Feb 03, 2016 12:13
It is no secret how dysfunctional my family is - in my perspective, at least. I also openly tell my friends how I feel about my parents.
Don't get me wrong, they've done their best to fulfill their parental duties. They tried to raise me well and fed me more than the usual three meals a day, they sent me to the finest schools even if they can hardly afford it, and made sure I graduated from medical school. Most kids would envy me. Living in a third world country where food and education is something most families still have to fight for - and even beg for from the government - I pretty much have an awesome life.
Except that the relationship I have with my family, especially with my parents, isn't a good one.

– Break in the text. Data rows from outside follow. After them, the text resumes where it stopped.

(* Let $\mathcal{M}=(S,P,E,s_{init},L)$ be a CTMC with absorbing goal state $g$, let $\varepsilon,\delta\geq0$, $q=\max_{p\in S}E(p)$ and $t\geq0$. For all $s,s'\in S$ with $s\sim_{\varepsilon,\delta}s'$, $$\left|\mathrm{Pr}_s(\lozenge^{\leq t}g)-\mathrm{Pr}_{s'}(\lozenge^{\leq t}g)\right|\leq 1-e^{-q t(e^{\delta}(1+\varepsilon)-1)}.$$
   Context: A CTMC $(S,P,E,s_{init},L)$: finite $S$, $P\colon S\to\mathrm{Distr}(S)$ ($P(s,A)=\sum_{a\in A}P(s,a)$), $E\colon S\to\mathbb{R}_{>0}$, initial state, labeling $L$; residence time in $s$ is exponential with rate $E(s)$, then a jump to $s'$ with probability $P(s,s')$. $\mathrm{Pr}_s(\lozenge^{\leq t}g)$: probability that the CTMC started in $s$ reaches $g$ within time $t$. For $R\subseteq S\times S$, $R(A)=\{t'\mid\exists a\in A:(a,t')\in R\}$. A reflexive symmetric $R$ is an $(\varepsilon,\delta)$-bisimulation if for all $(s,s')\in R$: $L(s)=L(s')$, $|\ln E(s)-\ln E(s')|\leq\delta$, and $P(s,A)\leq P(s',R(A))+\varepsilon$ for all $A\subseteq S$; $s\sim_{\varepsilon,\delta}s'$ if some such relation contains $(s,s')$. Standing assumption: $g$ is the unique goal state, absorbing and uniquely labeled, and all states from which $g$ is unreachable are collapsed into one absorbing uniquely labeled fail state. *)

From HB Require Import structures.
From mathcomp Require Import all_boot all_order all_algebra.
From mathcomp Require Import Rstruct.
From Stdlib Require Import Reals.
From Coquelicot Require Import Coquelicot.

Set Implicit Arguments.
Unset Strict Implicit.
Unset Printing Implicit Defensive.

Section RSums.
Local Open Scope ring_scope.
Definition rsum (I : finType) (F : I -> R) : R := \sum_(i : I) F i.
Definition rsum_in (I : finType) (A : {set I}) (F : I -> R) : R :=
  \sum_(i in A) F i.
End RSums.

Local Open Scope R_scope.

Record ctmc (S : finType) (Lab : Type) := CTMC {
  P : S -> S -> R;
  E : S -> R;
  s_init : S;
  L : S -> Lab;
  P_ge0 : forall s s', 0 <= P s s';
  P_sum1 : forall s, rsum (P s) = 1;
  E_pos : forall s, 0 < E s
}.

Section CTMCDefs.
Variables (S : finType) (Lab : Type) (M : ctmc S Lab).

Definition Pset (s : S) (A : {set S}) : R := rsum_in A (P M s).

Definition rimage (Rel : rel S) (A : {set S}) : {set S} :=
  [set t' | [exists a in A, Rel a t']].

Definition is_eps_delta_bisim (eps delta : R) (Rel : rel S) : Prop :=
  (forall s, Rel s s) /\ (forall s s', Rel s s' -> Rel s' s) /\
  forall s s', Rel s s' ->
    L M s = L M s' /\
    Rabs (ln (E M s) - ln (E M s')) <= delta /\
    forall A : {set S}, Pset s A <= Pset s' (rimage Rel A) + eps.

Definition bisimilar (eps delta : R) (s s' : S) : Prop :=
  exists Rel : rel S, is_eps_delta_bisim eps delta Rel /\ Rel s s'.

Definition edge : rel S := [rel a b | Rlt_dec 0 (P M a b)].
Definition reachable (s s' : S) : bool := connect edge s s'.

Definition goal_assumptions (g : S) : Prop :=
  P M g g = 1 /\ (forall s, L M s = L M g -> s = g) /\
  (forall s s', ~~ reachable s g -> ~~ reachable s' g -> s = s') /\
  (forall f, ~~ reachable f g ->
     P M f f = 1 /\ forall s, L M s = L M f -> s = f).

(* Time-bounded reachability probability Pr_s(<>^{<=t} g), defined as the
   least solution of the standard Volterra integral equation
   (Baier-Haverkort-Hermanns-Katoen): approximant n is the probability of
   reaching g within time t using at most n jumps. *)
Fixpoint reach_approx (g : S) (n : nat) (s : S) (t : R) : R :=
  if s == g then 1 else
  match n with
  | O => 0
  | m.+1 =>
      RInt (fun x => E M s * exp (- (E M s * x)) *
                     rsum (fun s' => P M s s' * reach_approx g m s' (t - x)))
           0 t
  end.

Definition reach_prob (g : S) (s : S) (t : R) : R :=
  real (Sup_seq (fun n => Finite (reach_approx g n s t))).

Definition max_rate : R := \big[Rmax/0]_(p : S) E M p.
End CTMCDefs.

From mathcomp Require Import all_boot all_order all_algebra.
From mathcomp Require Import Rstruct.
From Stdlib Require Import Reals Lra Psatz FunctionalExtensionality.
From Coquelicot Require Import Coquelicot.

(* Pr_s(<>^{<=t} g) is the supremum over n of the probability r_n(s, t) of
   reaching g within time t in at most n jumps, so it suffices to show
   |r_n(s, t) - r_n(s', t)| <= D(t) := 1 - exp (- c t), c = q (e^delta (1 + eps) - 1),
   for all related s, s', by induction on n.  A jump writes r_(n+1)(s, .) as the
   convolution of the density E(s) exp (- E(s) x) with the expected value h_s of
   r_n at the successor state.  A layer-cake argument over the level sets of r_n
   turns P(s, A) <= P(s', R(A)) + eps into |h_s(y) - h_s'(y)| <= eps + (1 - eps) D(y).
   If E(s) <= E(s') <= e^delta E(s), the difference of the two convolutions is then
   bounded pointwise by K exp (- K x) + (c - E(s')) exp (- E(s') x) exp (- c (t - x))
   for K = E(s) or E(s'), whose integral over [0, t] is at most D(t). *)

Set Implicit Arguments.
Unset Strict Implicit.
Unset Printing Implicit Defensive.
Import Order.TTheory GRing.Theory Num.Theory.

Local Open Scope R_scope.

Section FiniteSums.
Variable I : finType.
Implicit Types (F G p : I -> R) (A : {set I}).

Lemma rsum_ge0 F : (forall i, 0 <= F i) -> 0 <= rsum F.
Proof. by move=> F0; apply/RleP/sumr_ge0 => i _; apply/RleP. Qed.

Lemma ler_rsum F G : (forall i, F i <= G i) -> rsum F <= rsum G.
Proof. by move=> FG; apply/RleP/ler_sum => i _; apply/RleP. Qed.

Lemma rsumD F G : rsum (fun i => F i + G i) = rsum F + rsum G.
Proof. exact: big_split. Qed.

Lemma rsum_mull F k : rsum (fun i => k * F i) = k * rsum F.
Proof. by rewrite /rsum -mulr_sumr. Qed.

Lemma rsum_mkcond A F : rsum (fun i => if i \in A then F i else 0) = rsum_in A F.
Proof. by rewrite /rsum /rsum_in [RHS]big_mkcond. Qed.

Lemma rsum_in_mulr A F m : rsum_in A (fun i => F i * m) = rsum_in A F * m.
Proof. by rewrite /rsum_in -mulr_suml. Qed.

Lemma continuous_rsum (F : I -> R -> R) x :
  (forall i, continuous (F i) x) -> continuous (fun y => rsum (F^~ y)) x.
Proof.
move=> Fc; change (continuous (fun y => \big[Rplus/0]_(i <- index_enum I) F i y) x).
elim: (index_enum I) => [|i r IHr].
  by under [fun y => _]functional_extensionality do rewrite big_nil; exact: continuous_const.
have -> : (fun y => \big[Rplus/0]_(j <- i :: r) F j y) =
          (fun y => F i y + \big[Rplus/0]_(j <- r) F j y).
  by apply: functional_extensionality => y; rewrite big_cons.
exact: continuous_plus.
Qed.

Definition expect p F := rsum (fun i => p i * F i).

Lemma continuous_expect p (F : I -> R -> R) x :
  (forall i, continuous (F i) x) -> continuous (fun y => expect p (F^~ y)) x.
Proof.
move=> Fc; apply: continuous_rsum => i.
by apply: (continuous_mult (fun=> p i)); [apply: continuous_const | apply: Fc].
Qed.

Lemma expect_bounds p F : (forall i, 0 <= p i) -> rsum p = 1 ->
  (forall i, 0 <= F i <= 1) -> 0 <= expect p F <= 1.
Proof.
move=> p0 p1 F01; split.
  by apply: rsum_ge0 => i; have := p0 i; have := F01 i; nra.
by rewrite -p1; apply: ler_rsum => i; have := p0 i; have := F01 i; nra.
Qed.

End FiniteSums.

Section LayerCake.
Variables (I : finType) (p p' : I -> R) (Rel : rel I) (eps : R).
Hypotheses (p_ge0 : forall a, 0 <= p a) (p'_ge0 : forall b, 0 <= p' b).
Hypothesis eps_ge0 : 0 <= eps.
Hypothesis p_le_rimage :
  forall A : {set I}, rsum_in A p <= rsum_in (rimage Rel A) p' + eps.

Lemma layer_cake_peel (f g : I -> R) (m M : R) : 0 < m ->
  (forall a, f a = 0 \/ m <= f a) -> (forall b, 0 <= g b) ->
  (forall a b, Rel a b -> f a <= g b) ->
  expect p (fun a => Rmax (f a - m) 0) <=
    expect p' (fun b => Rmax (g b - m) 0) + eps * (M - m) ->
  expect p f <= expect p' g + eps * M.
Proof.
move=> m0 f0m g0 fg IH.
set A := [set a | (0 < f a)%O].
have fA a : a \in A -> m <= f a.
  by rewrite inE => /RltP; case: (f0m a) => [->|]; lra.
have f_split : expect p f = expect p (fun a => Rmax (f a - m) 0) + rsum_in A p * m.
  rewrite -rsum_in_mulr -rsum_mkcond /expect -rsumD; congr rsum.
  apply: functional_extensionality => a; case: ifP => aA.
    by rewrite Rmax_left; [ring | have := fA a aA; lra].
  have fa0 : f a = 0.
    case: (f0m a) => // mf; move: aA; rewrite inE.
    by move/RltP: (Rlt_le_trans _ _ _ m0 mf) => ->.
  by rewrite fa0 Rmax_right; [ring | lra].
have g_split : expect p' g =
    expect p' (fun b => Rmax (g b - m) 0) + expect p' (fun b => Rmin (g b) m).
  rewrite /expect -rsumD; congr rsum; apply: functional_extensionality => b.
  by rewrite -Rmult_plus_distr_l /Rmax /Rmin; do 2 case: Rle_dec; intros; ring_simplify; lra.
have rimage_le : rsum_in (rimage Rel A) p' * m <= expect p' (fun b => Rmin (g b) m).
  rewrite -rsum_in_mulr -rsum_mkcond; apply: ler_rsum => b.
  have := p'_ge0 b; case: ifP => [|_].
    rewrite inE => /existsP [a /andP [aA Rab]].
    have := fA a aA; have := fg a b Rab; rewrite /Rmin; case: Rle_dec; nra.
  have := g0 b; rewrite /Rmin; case: Rle_dec; nra.
have := p_le_rimage A; nra.
Qed.

Lemma layer_cake (f g : I -> R) (M : R) : 0 <= M ->
  (forall a, 0 <= f a <= M) -> (forall b, 0 <= g b) ->
  (forall a b, Rel a b -> f a <= g b) ->
  expect p f <= expect p' g + eps * M.
Proof.
have [n] := ubnP #|[set a | (0 < f a)%O]|.
elim: n f g M => // n IHn f g M; set A := [set a | _] => lt_A_n M0 f0M g0 fg.
have fA0 a : a \notin A -> f a = 0.
  by rewrite inE => /RltP; have := f0M a; lra.
have rhs_ge0 : 0 <= expect p' g + eps * M.
  apply: Rplus_le_le_0_compat; last exact: Rmult_le_pos.
  by apply: rsum_ge0 => b; apply: Rmult_le_pos.
case: (set_0Vmem A) => [A0 | [a1 a1A]].
  suff -> : expect p f = 0 by [].
  by rewrite /expect /rsum big1 // => a _; rewrite fA0 ?A0 ?inE ?Rmult_0_r.
have [a0 a0A a0_min] := arg_minP f a1A.
have {}a0A : a0 \in A by [].
set m := f a0 in a0_min; have m0 : 0 < m by move: a0A; rewrite inE => /RltP.
have mM : m <= M := proj2 (f0M a0).
apply: (layer_cake_peel (m := m)) => //.
- move=> b; case: (boolP (b \in A)) => bA; last by left; apply: fA0.
  by right; apply/RleP/a0_min.
- set f1 := fun a => _; apply: IHn => [||a|b|a b Rab].
  + apply: (leq_ltn_trans (n := #|A :\ a0|)).
      apply/subset_leq_card/subsetP => b; rewrite !inE => /RltP.
      rewrite /f1 /Rmax; case: Rle_dec => [|_ f1b]; first lra.
      apply/andP; split; last by apply/RltP; lra.
      by apply/eqP => ba0; move: f1b; rewrite ba0 /m; lra.
    by move: lt_A_n; rewrite (cardsD1 a0 A) a0A.
  + lra.
  + by rewrite /f1 /Rmax; case: Rle_dec; have := f0M a; lra.
  + by rewrite /Rmax; case: Rle_dec; lra.
  + by have := fg a b Rab; rewrite /f1 /Rmax; do 2 case: Rle_dec; lra.
Qed.

Lemma expect_le_rel (F : I -> R) (beta : R) : rsum p = 1 ->
  (forall a, 0 <= F a <= 1) -> 0 <= beta <= 1 ->
  (forall a b, Rel a b -> F a - F b <= beta) ->
  expect p F <= expect p' F + (eps + (1 - eps) * beta).
Proof.
move=> p1 F01 beta01 F_rel.
pose f a := Rmax (F a - beta) 0.
have F_le : expect p F <= expect p f + beta.
  rewrite -[X in _ + X]Rmult_1_r -p1 -rsum_mull /expect -rsumD.
  apply: ler_rsum => a; have := p_ge0 a.
  by rewrite /f /Rmax; case: Rle_dec => ? ?; nra.
have f_le : expect p f <= expect p' F + eps * (1 - beta).
  apply: layer_cake => [|a|b|a b Rab]; first lra.
  - by rewrite /f /Rmax; case: Rle_dec; have := F01 a; lra.
  - exact: (proj1 (F01 b)).
  - by have := F_rel a b Rab; rewrite /f /Rmax; case: Rle_dec; have := F01 b; lra.
lra.
Qed.

End LayerCake.

Lemma Sup_seq_le_bound (a : nat -> R) c :
  (forall n, a n <= c) -> Rbar_le (Sup_seq (fun n => Finite (a n))) c.
Proof.
by move=> a_le; apply: Rbar_not_lt_le => /Sup_seq_minor_lt [n] /=; have := a_le n; lra.
Qed.

Lemma real_Sup_seq_bounds (a : nat -> R) c : (forall n, a n <= c) ->
  (forall n, a n <= real (Sup_seq (fun n => Finite (a n)))) /\
  real (Sup_seq (fun n => Finite (a n))) <= c.
Proof.
move=> a_le; have := Sup_seq_le_bound a_le.
have := fun n => Sup_seq_minor_le (fun n => Finite (a n)) (a n) n (Rbar_le_refl _).
by case: (Sup_seq _) => [x||] // a_le_sup; have := a_le_sup O.
Qed.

Let me talk about my dad on this one.
Growing up, I hardly saw my dad. He would hardly go home. Mom always said it was because of work, but logic and ideals kept telling me that if you love your family, you would always come home to them. Because we weren't given any money when we were younger, I would always check my dad's pockets, looking for coins at least. Every single time I would find large coins, with PAGCOR engraved on them.
I remember asking my grandmother what they were once, after I tried to buy chips from a store using those PAGCOR coins and the store owner refused. Grandma said they aren't for buying stuff. I was then forced to ask my mom (at the same time admit that I was stealing money from my dad), who told me that those are actually tokens used in the casino.

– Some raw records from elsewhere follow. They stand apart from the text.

(* Let $n\ge2$, $\nu\in\mathcal{F}_{C_n}$, $1\le k\le n$ and $\alpha$ a formula. Then: (1) if $\nu(\alpha)=T_n$ then $\nu(\alpha^k)=T_n$; (2) if $\nu(\alpha)=t^n_i$ for some $0\le i\le k-2$ then $\nu(\alpha^k)=T_n$; (3) if $\nu(\alpha)=t^n_{k-1}$ then $\nu(\alpha^k)=F_n$; (4) if $\nu(\alpha)=t^n_i$ for some $k\le i\le n-1$ then $\nu(\alpha^k)=t^n_{i-k}$; (5) if $\nu(\alpha)=F_n$ then $\nu(\alpha^k)=T_n$.
   Context: $\Sigma$ has unary $\neg$ and binary $\wedge,\vee,\to$; formulas over a denumerable set of variables; $\alpha^0=\alpha$, $\alpha^{k+1}=\neg(\alpha^k\wedge\neg\alpha^k)$. Fix $n\ge2$. $B_n=\{z\in\{0,1\}^{n+1}:(z_1\wedge\dots\wedge z_k)\vee z_{k+1}=1\text{ for all }1\le k\le n\}$; its elements are $T_n=(1,0,1,\dots,1)$, $t^n_i$ ($0\le i\le n-2$) the tuple with $z_1=z_2=1$ and a single $0$ at coordinate $i+3$, $t^n_{n-1}=(1,\dots,1)$, and $F_n=(0,1,\dots,1)$. $D_n=\{z\in B_n:z_1=1\}$, $Boo_n=\{T_n,F_n\}$, $I_n=B_n\setminus Boo_n$. The multialgebra $\mathcal{A}_{C_n}$ on $B_n$: $\tilde\neg z=\{w\in B_n:w_1=z_2,\ w_2\le z_1\}$; for $\#\in\{\wedge,\vee,\to\}$, $z\tilde\#w=\{u\in Boo_n:u_1=z_1\#w_1\}$ if $z,w\in Boo_n$, and $\{u\in B_n:u_1=z_1\#w_1\}$ otherwise ($\#$ on $\{0,1\}$ Boolean). A valuation is a map $\nu$ from formulas to $B_n$ with $\nu(\neg\alpha)\in\tilde\neg\nu(\alpha)$ and $\nu(\alpha\#\beta)\in\nu(\alpha)\tilde\#\nu(\beta)$. $\mathcal{F}_{C_n}$ is the set of valuations such that for every $\alpha$: $\nu(\alpha)=t^n_0$ implies $\nu(\alpha\wedge\neg\alpha)=T_n$; and for $1\le k\le n-1$, $\nu(\alpha)=t^n_k$ implies $\nu(\alpha\wedge\neg\alpha)\in I_n$ and $\nu(\alpha^1)=t^n_{k-1}$. *)

From mathcomp Require Import all_boot.
Set Implicit Arguments. Unset Strict Implicit. Unset Printing Implicit Defensive.

Inductive form : Type :=
| Var of nat
| Neg of form
| And of form & form
| Or of form & form
| Imp of form & form.

Fixpoint cpow (a : form) (k : nat) : form :=
  match k with
  | 0 => a
  | k'.+1 => Neg (And (cpow a k') (Neg (cpow a k')))
  end.

(* Snapshots: elements of {0,1}^(n+1) are sequences of booleans of size n+1.
   coord z k is the k-th coordinate z_k, 1-indexed as in the paper. *)
Definition coord (z : seq bool) (k : nat) : bool := nth false z k.-1.

Definition inB (n : nat) (z : seq bool) : bool :=
  (size z == n.+1) &&
  [forall k : 'I_n.+1, (1 <= k) ==>
     ((all (fun j => coord z j) (iota 1 k)) || coord z k.+1)].

(* Distinguished elements; the sequence index j corresponds to coordinate j+1 *)
Definition Tn (n : nat) : seq bool := mkseq (fun j => j != 1) n.+1.
Definition Fn (n : nat) : seq bool := mkseq (fun j => j != 0) n.+1.
(* t^n_i: z_1 = z_2 = 1 and a single 0 at coordinate i+3 (for i <= n-2);
   t^n_(n-1) = (1,...,1) *)
Definition tn (n i : nat) : seq bool := mkseq (fun j => j != i.+2) n.+1.

Definition inBoo (n : nat) (z : seq bool) : bool := (z == Tn n) || (z == Fn n).
Definition inI (n : nat) (z : seq bool) : bool := inB n z && ~~ inBoo n z.

(* multioperations: membership w \in neg~ z, u \in z #~ w *)
Definition negm (n : nat) (z w : seq bool) : bool :=
  [&& inB n w, coord w 1 == coord z 2 & coord w 2 <= coord z 1].

Definition binm (n : nat) (op : bool -> bool -> bool) (z w u : seq bool) : bool :=
  if inBoo n z && inBoo n w then inBoo n u && (coord u 1 == op (coord z 1) (coord w 1))
  else inB n u && (coord u 1 == op (coord z 1) (coord w 1)).

Definition valuation (n : nat) (v : form -> seq bool) : Prop :=
  (forall a, inB n (v a)) /\
  (forall a, negm n (v a) (v (Neg a))) /\
  (forall a b, binm n andb (v a) (v b) (v (And a b))) /\
  (forall a b, binm n orb (v a) (v b) (v (Or a b))) /\
  (forall a b, binm n implb (v a) (v b) (v (Imp a b))).

Definition inFCn (n : nat) (v : form -> seq bool) : Prop :=
  valuation n v /\
  (forall a, v a = tn n 0 -> v (And a (Neg a)) = Tn n) /\
  (forall a k, 1 <= k <= n.-1 -> v a = tn n k ->
      inI n (v (And a (Neg a))) /\ v (cpow a 1) = tn n k.-1).

From mathcomp Require Import all_boot zify.

Set Implicit Arguments.

(* Everything follows from the behaviour of the single step
   alpha |-> alpha^1 = neg (alpha /\ neg alpha):
   - on Boolean values it acts like classical logic, sending both T_n and
     F_n to T_n (the multioperations restricted to Boo_n are the Boolean
     truth tables, and a snapshot of B_n with z_1 = 0, or with z_1 = 1 and
     z_2 = 0, is forced to be F_n, resp. T_n);
   - on t^n_0 it yields F_n, and on t^n_i (1 <= i <= n-1) it yields
     t^n_(i-1); both are axioms of F_{C_n}. *)

Lemma cpow_add a p q : cpow (cpow a p) q = cpow a (p + q).
Proof. by elim: q => [|q IH] /=; rewrite ?addn0 ?addnS //= IH. Qed.

Lemma inB_next_coord n z k : inB n z -> 1 <= k <= n ->
  ~~ all (fun j => coord z j) (iota 1 k) -> coord z k.+1.
Proof.
move=> /andP[_ /forallP Hz] /andP[k_gt0 k_le_n] not_all.
have /implyP/(_ k_gt0) := Hz (Ordinal (k_le_n : k < n.+1)).
by rewrite /= (negbTE not_all).
Qed.

(* A snapshot with z_1 = 0 is F_n: every later coordinate is forced to 1. *)
Lemma inB_coord1_false n z : inB n z -> coord z 1 = false -> z = Fn n.
Proof.
move=> Hz z1.
have size_z : size z = n.+1 by case/andP: Hz => /eqP.
apply: (@eq_from_nth _ false); first by rewrite size_mkseq.
move=> [|j]; rewrite size_z => j_lt; rewrite nth_mkseq //=.
apply: (@inB_next_coord n z j.+1 Hz); first by rewrite /= -ltnS.
by move: z1; rewrite /coord /= => ->.
Qed.

Lemma inB_coord12 n z : inB n z -> coord z 1 = true -> coord z 2 = false ->
  z = Tn n.
Proof.
move=> Hz z1 z2.
have size_z : size z = n.+1 by case/andP: Hz => /eqP.
apply: (@eq_from_nth _ false); first by rewrite size_mkseq.
move=> [|[|j]]; rewrite size_z => j_lt; rewrite nth_mkseq //=.
apply: (@inB_next_coord n z j.+2 Hz); first by rewrite /= -ltnS.
by move: z1 z2; rewrite /coord /= => -> ->.
Qed.

Section BooleanSnapshots.
Variable n : nat.
Hypothesis n_gt0 : 0 < n.

Lemma Tn_Boo : inBoo n (Tn n). Proof. by rewrite /inBoo eqxx. Qed.
Lemma Fn_Boo : inBoo n (Fn n). Proof. by rewrite /inBoo eqxx orbT. Qed.

Lemma Tn_coord1 : coord (Tn n) 1 = true. Proof. by rewrite /coord nth_mkseq. Qed.
Lemma Tn_coord2 : coord (Tn n) 2 = false. Proof. by rewrite /coord nth_mkseq. Qed.
Lemma Fn_coord1 : coord (Fn n) 1 = false. Proof. by rewrite /coord nth_mkseq. Qed.
Lemma Fn_coord2 : coord (Fn n) 2 = true. Proof. by rewrite /coord nth_mkseq. Qed.

End BooleanSnapshots.

Section Valuation.
Variables (n : nat) (v : form -> seq bool).
Hypotheses (n_gt0 : 0 < n) (v_val : valuation n v).

Lemma neg_Tn a : v a = Tn n -> v (Neg a) = Fn n.
Proof.
case: v_val => _ [neg_v _] va.
move: (neg_v a); rewrite va => /and3P[Hb /eqP neg1 _].
by apply: inB_coord1_false => //; rewrite neg1 Tn_coord2.
Qed.

Lemma neg_Fn a : v a = Fn n -> v (Neg a) = Tn n.
Proof.
case: v_val => _ [neg_v _] va.
move: (neg_v a); rewrite va => /and3P[Hb /eqP neg1].
rewrite Fn_coord1 => neg2.
apply: inB_coord12 => //; first by rewrite neg1 Fn_coord2.
by move: neg2; case: (coord _ 2).
Qed.

Lemma and_Boo_false a b : inBoo n (v a) -> inBoo n (v b) ->
  coord (v a) 1 && coord (v b) 1 = false -> v (And a b) = Fn n.
Proof.
case: v_val => _ [_ [and_v _]] Ba Bb false_ab.
move: (and_v a b); rewrite /binm Ba Bb false_ab /=.
by case/andP => /orP[] /eqP -> //; rewrite Tn_coord1.
Qed.

Lemma cons_Tn a : v a = Tn n -> v (cpow a 1) = Tn n.
Proof.
move=> va; apply: neg_Fn; have vna := neg_Tn va.
by apply: and_Boo_false; rewrite ?va ?vna ?Tn_Boo ?Fn_Boo ?Fn_coord1 ?andbF.
Qed.

Lemma cons_Fn a : v a = Fn n -> v (cpow a 1) = Tn n.
Proof.
move=> va; apply: neg_Fn; have vna := neg_Fn va.
by apply: and_Boo_false; rewrite ?va ?vna ?Tn_Boo ?Fn_Boo ?Fn_coord1.
Qed.

Lemma cpow_Tn m a : v a = Tn n -> v (cpow a m) = Tn n.
Proof. by move=> va; elim: m => [|m IH] //; exact: (cons_Tn IH). Qed.

Lemma cpow_Fn m a : v a = Fn n -> v (cpow a m.+1) = Tn n.
Proof. by move=> va; rewrite -add1n -cpow_add; apply/cpow_Tn/cons_Fn. Qed.

End Valuation.

Section FCnValuation.
Variables (n : nat) (v : form -> seq bool).
Hypotheses (n_gt0 : 0 < n) (hv : inFCn n v).

Lemma cons_t0 a : v a = tn n 0 -> v (cpow a 1) = Fn n.
Proof.
by case: hv => v_val [t0_ax _] va; apply: (neg_Tn n_gt0 v_val); exact: t0_ax.
Qed.

Lemma cons_t i a : 1 <= i <= n.-1 -> v a = tn n i -> v (cpow a 1) = tn n i.-1.
Proof. by case: hv => _ [_ t_ax] i_bnd va; case: (t_ax a i i_bnd va). Qed.

Lemma cpow_t m i a : m <= i <= n.-1 -> v a = tn n i ->
  v (cpow a m) = tn n (i - m).
Proof.
elim: m => [|m IH] /andP[m_lt i_le] va; first by rewrite subn0.
rewrite subnS; apply: cons_t; last by apply: IH; rewrite // i_le ltnW.
by rewrite subn_gt0 m_lt (leq_trans (leq_subr _ _) i_le).
Qed.

Lemma cpow_t_Fn i a : i <= n.-1 -> v a = tn n i -> v (cpow a i.+1) = Fn n.
Proof.
move=> i_le va; apply: cons_t0.
by rewrite -(subnn i); apply: cpow_t; rewrite ?leqnn.
Qed.

End FCnValuation.

Theorem mainTheorem10 (n : nat) (hn : 2 <= n) (v : form -> seq bool)
  (hv : inFCn n v) (k : nat) (hk : 1 <= k <= n) (a : form) :
  (v a = Tn n -> v (cpow a k) = Tn n) /\
  (forall i, i.+2 <= k -> v a = tn n i -> v (cpow a k) = Tn n) /\
  (v a = tn n k.-1 -> v (cpow a k) = Fn n) /\
  (forall i, k <= i <= n.-1 -> v a = tn n i -> v (cpow a k) = tn n (i - k)) /\
  (v a = Fn n -> v (cpow a k) = Tn n).
Proof.
have n_gt0 : 0 < n by lia.
have v_val : valuation n v := hv.1.
have k_succ : k = k.-1.+1 by lia.
split; first exact: cpow_Tn.
split.
  (* t^n_i reaches F_n after i+1 steps, then T_n. *)
  move=> i i_lt va; have -> : k = i.+1 + (k - i.+2).+1 by lia.
  rewrite -cpow_add; apply: (cpow_Fn n_gt0 v_val).
  by apply: (cpow_t_Fn n_gt0 hv) va; lia.
split; first by move=> va; rewrite k_succ; apply: (cpow_t_Fn n_gt0 hv) va; lia.
split; first by move=> i i_bnd; apply: cpow_t.
by move=> va; rewrite k_succ; exact: cpow_Fn.
Qed.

That's how I found out that my dad's a gambler.
Dad used to earn a lot. More than our family ever needed, really. He can earn millions in a week. I never saw my dad give my mom money for household expenses. Dad's in charge of paying for our tuition and the monthly bills, but more often than not, it was my mom who would pay for those, not my dad. I learned he usually spends all his money in the casino, along with the countless women (whores) he went out with.
Yes, my dad's a womanizer, too.
He isn't good-looking. With one blind eye and a balding head along with his dark complexion, my dad's far from being a head-turner. But his pockets looked too damn good for the ladies. I always asked my mom why she never argued with my dad regarding his unfaithfulness. She just says that it's part of his job, being a salesman, aside from the fact that she no longer wants to have any intimacy with him.
I tried my best to understand, to reason against reason that dad never left us anyway, unlike what I usually see on TV. He continued to do his financial responsibilities to us, no matter how unreliable he can be at times. He is a failure as a husband and as a father, but I never said anything.
I snapped when I found out he impregnated our maid.
He denied it was his. Until this very day he refused to admit that he's the father of our former maid's child who looks so much like him and was named after him. I yelled and screamed at him, expressed all the anger I felt all those years.
I told him I hate him.
I still do.
Time didn't heal the wounds. In fact, it made it worse. I found out that my dad has other kids from whores, although like the previous one, he denied being their father.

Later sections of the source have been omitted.